Assignment >> Print the data below exactly, but only the lines from the one containing "Set Implicit Arguments." down to the one containing "Definition collisions (g", inclusive.

Records provided >>
##############################

(* The map f_n is a rooted tree of depth k on an initial segment of 'I_n, with
   all other points fixed: level 0 is the root 0, a fixed point, level i has
   a_i = t^(2^k - 2^(k-i)) vertices and each vertex of level i < k has
   b_i = t^(2^(k-i-1)) children, where t = floor(n^(1/2^k)).  A vertex of level
   i < k has b_i preimages, so level i contributes a_i * b_i^2 = t^(2^k) ~ n to
   sum_y |f^-1(y)|^2; the fixed points contribute another ~ n, whence
   deg f_n -> k + 1.  The k-th iterate collapses the whole tree, of size
   S ~ a_k = t^(2^k - 1), onto the root, so n * deg (f_n^k) ~ S^2 ~ n^(2 - 2/2^k).
   All relative errors are O(1/t). *)

From HB Require Import structures.
From mathcomp Require Import all_boot all_order all_algebra.
From mathcomp Require Import all_classical all_reals all_analysis.
From mathcomp Require Import zify ring lra.
Set Implicit Arguments. Unset Strict Implicit. Unset Printing Implicit Defensive.
Import Order.TTheory GRing.Theory Num.Theory.
Import numFieldNormedType.Exports.

Lemma sum_nat_eq m n y : \sum_(m <= x < n) (x == y) = (m <= y < n).
Proof.
rewrite -big_mkcond /= sum1_count.
by rewrite count_uniq_mem ?iota_uniq // mem_index_iota; case: (_ && _).
Qed.

Lemma sum_nat_in_range lo hi n : lo <= hi <= n -> \sum_(0 <= y < n) (lo <= y < hi) = hi - lo.
Proof.
move=> /andP[lh hn]; rewrite -big_mkcond /= sum1_count /index_iota subn0.
rewrite -(subnKC hn) -(subnKC lh) !iotaD !count_cat add0n subnKC // -addnA.
rewrite (@eq_in_count _ _ pred0) ?count_pred0 => [|y]; last by rewrite mem_iota /=; lia.
rewrite (@eq_in_count _ _ predT) ?count_predT ?size_iota => [|y]; last by rewrite mem_iota /=; lia.
by rewrite (@eq_in_count _ _ pred0) ?count_pred0 ?addn0 // => y; rewrite mem_iota /=; lia.
Qed.

Lemma sum_divn_eq d A c y : 0 < d ->
  \sum_(0 <= x < A * d) (c + x %/ d == y) = d * (c <= y < c + A).
Proof.
move=> d_gt0; elim: A => [|A IH].
  by rewrite mul0n big_geq // addn0 ltnNge andbN muln0.
rewrite mulSn addnC (big_cat_nat _ (n := A * d)) ?leq_addr //= IH.
rewrite (eq_big_nat _ _ (F2 := fun=> (c + A == y) : nat)) => [|x hx]; last first.
  suff -> : x %/ d = A by [].
  by apply/eqP; rewrite eqn_leq leq_divRL // -ltnS ltn_divLR //; lia.
rewrite sum_nat_const_nat addKn.
rewrite -mulnDr addnS ltnS; congr (d * _).
case: (ltngtP y (c + A)) => [lt|gt|->]; rewrite ?andbF ?leq_addr ?addn0 //.
Qed.

Lemma sum_nat_eq0_mul n c : 0 < n -> \sum_(0 <= y < n) (y == 0) * c = c.
Proof. by move=> n_gt0; rewrite -big_distrl /= sum_nat_eq n_gt0 mul1n. Qed.

Definition fiber (g : nat -> nat) n y := \sum_(0 <= x < n) (g x == y).
Definition collisions (g : nat -> nat) n := \sum_(0 <= y < n) fiber g n y ^ 2.

Section TreeMap.
Variables (k : nat) (a b : nat -> nat).

Definition lvl i := \sum_(j < i) a j.
Definition in_lvl i x := lvl i <= x < lvl i.+1.

Definition parent x :=
  if [pick i : 'I_k | in_lvl i.+1 x] is Some i then lvl i + (x - lvl i.+1) %/ b i
  else x.

Lemma lvlS i : lvl i.+1 = lvl i + a i.
Proof. by rewrite /lvl big_ord_recr. Qed.

Lemma lvl0 : lvl 0 = 0.
Proof. exact: big_ord0. Qed.

Lemma lvl_mono : {homo lvl : i j / i <= j}.
Proof.
move=> i j /subnK <-; elim: (j - i) => // m IH.
by rewrite addSn lvlS (leq_trans IH) ?leq_addr.
Qed.

Lemma in_lvl_inj x i j : in_lvl i x -> in_lvl j x -> i = j.
Proof.
move=> /andP[hi hi'] /andP[hj hj'].
by case: (ltngtP i j) => [/lvl_mono|/lvl_mono|//]; lia.
Qed.

Lemma parent_le x : parent x <= x.
Proof.
rewrite /parent; case: pickP => // i /andP[hx _].
have := lvl_mono (leqnSn i); have := leq_div (x - lvl i.+1) (b i); lia.
Qed.

Lemma parent0 : parent 0 = 0.
Proof. by apply/eqP; rewrite -leqn0 parent_le. Qed.

Lemma parent_in_lvl i x : i < k -> in_lvl i.+1 x -> parent x = lvl i + (x - lvl i.+1) %/ b i.
Proof.
move=> ltik hx; rewrite /parent; case: pickP => [j hj | /(_ (Ordinal ltik))]; last by rewrite hx.
by rewrite (succn_inj (in_lvl_inj hj hx)).
Qed.

Lemma parent_id x : lvl k.+1 <= x -> parent x = x.
Proof.
move=> hx; rewrite /parent; case: pickP => // i /andP[_ hi].
by have := lvl_mono (ltn_ord i : i.+2 <= k.+1); lia.
Qed.

Lemma sqr_sum_lvl (c : nat -> nat) y :
  (\sum_(i < k) c i * in_lvl i y) ^ 2 = \sum_(i < k) c i ^ 2 * in_lvl i y.
Proof.
case: (pickP (fun i : 'I_k => in_lvl i y)) => [i0 hi0 | none]; last first.
  by rewrite !big1 // => i _; rewrite none muln0.
have other j : j != i0 -> in_lvl j y = false.
  by apply: contraNF => hj; apply/eqP/val_inj/(in_lvl_inj hj hi0).
rewrite (bigD1 i0) // [in RHS](bigD1 i0) //= hi0 !muln1 !big1 ?addn0 // => j /other ->;
  by rewrite muln0.
Qed.

Lemma sum_lvl_large (c : nat -> nat) y : lvl k <= y -> \sum_(i < k) c i * in_lvl i y = 0.
Proof.
move=> hy; rewrite big1 // => i _; suff -> : in_lvl i y = false by rewrite muln0.
by apply/negbTE; have := lvl_mono (ltn_ord i); rewrite /in_lvl; lia.
Qed.

Hypotheses (a0 : a 0 = 1) (aS : forall i, i < k -> a i.+1 = a i * b i)
  (b_gt0 : forall i, 0 < b i).

Lemma lvl1 : lvl 1 = 1.
Proof. by rewrite lvlS lvl0 a0. Qed.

##############################

Solution for this task >>
Set Implicit Arguments. Unset Strict Implicit. Unset Printing Implicit Defensive.
Import Order.TTheory GRing.Theory Num.Theory.
Import numFieldNormedType.Exports.

Lemma sum_nat_eq m n y : \sum_(m <= x < n) (x == y) = (m <= y < n).
Proof.
rewrite -big_mkcond /= sum1_count.
by rewrite count_uniq_mem ?iota_uniq // mem_index_iota; case: (_ && _).
Qed.

Lemma sum_nat_in_range lo hi n : lo <= hi <= n -> \sum_(0 <= y < n) (lo <= y < hi) = hi - lo.
Proof.
move=> /andP[lh hn]; rewrite -big_mkcond /= sum1_count /index_iota subn0.
rewrite -(subnKC hn) -(subnKC lh) !iotaD !count_cat add0n subnKC // -addnA.
rewrite (@eq_in_count _ _ pred0) ?count_pred0 => [|y]; last by rewrite mem_iota /=; lia.
rewrite (@eq_in_count _ _ predT) ?count_predT ?size_iota => [|y]; last by rewrite mem_iota /=; lia.
by rewrite (@eq_in_count _ _ pred0) ?count_pred0 ?addn0 // => y; rewrite mem_iota /=; lia.
Qed.

Lemma sum_divn_eq d A c y : 0 < d ->
  \sum_(0 <= x < A * d) (c + x %/ d == y) = d * (c <= y < c + A).
Proof.
move=> d_gt0; elim: A => [|A IH].
  by rewrite mul0n big_geq // addn0 ltnNge andbN muln0.
rewrite mulSn addnC (big_cat_nat _ (n := A * d)) ?leq_addr //= IH.
rewrite (eq_big_nat _ _ (F2 := fun=> (c + A == y) : nat)) => [|x hx]; last first.
  suff -> : x %/ d = A by [].
  by apply/eqP; rewrite eqn_leq leq_divRL // -ltnS ltn_divLR //; lia.
rewrite sum_nat_const_nat addKn.
rewrite -mulnDr addnS ltnS; congr (d * _).
case: (ltngtP y (c + A)) => [lt|gt|->]; rewrite ?andbF ?leq_addr ?addn0 //.
Qed.

Lemma sum_nat_eq0_mul n c : 0 < n -> \sum_(0 <= y < n) (y == 0) * c = c.
Proof. by move=> n_gt0; rewrite -big_distrl /= sum_nat_eq n_gt0 mul1n. Qed.

Definition fiber (g : nat -> nat) n y := \sum_(0 <= x < n) (g x == y).
Definition collisions (g : nat -> nat) n := \sum_(0 <= y < n) fiber g n y ^ 2.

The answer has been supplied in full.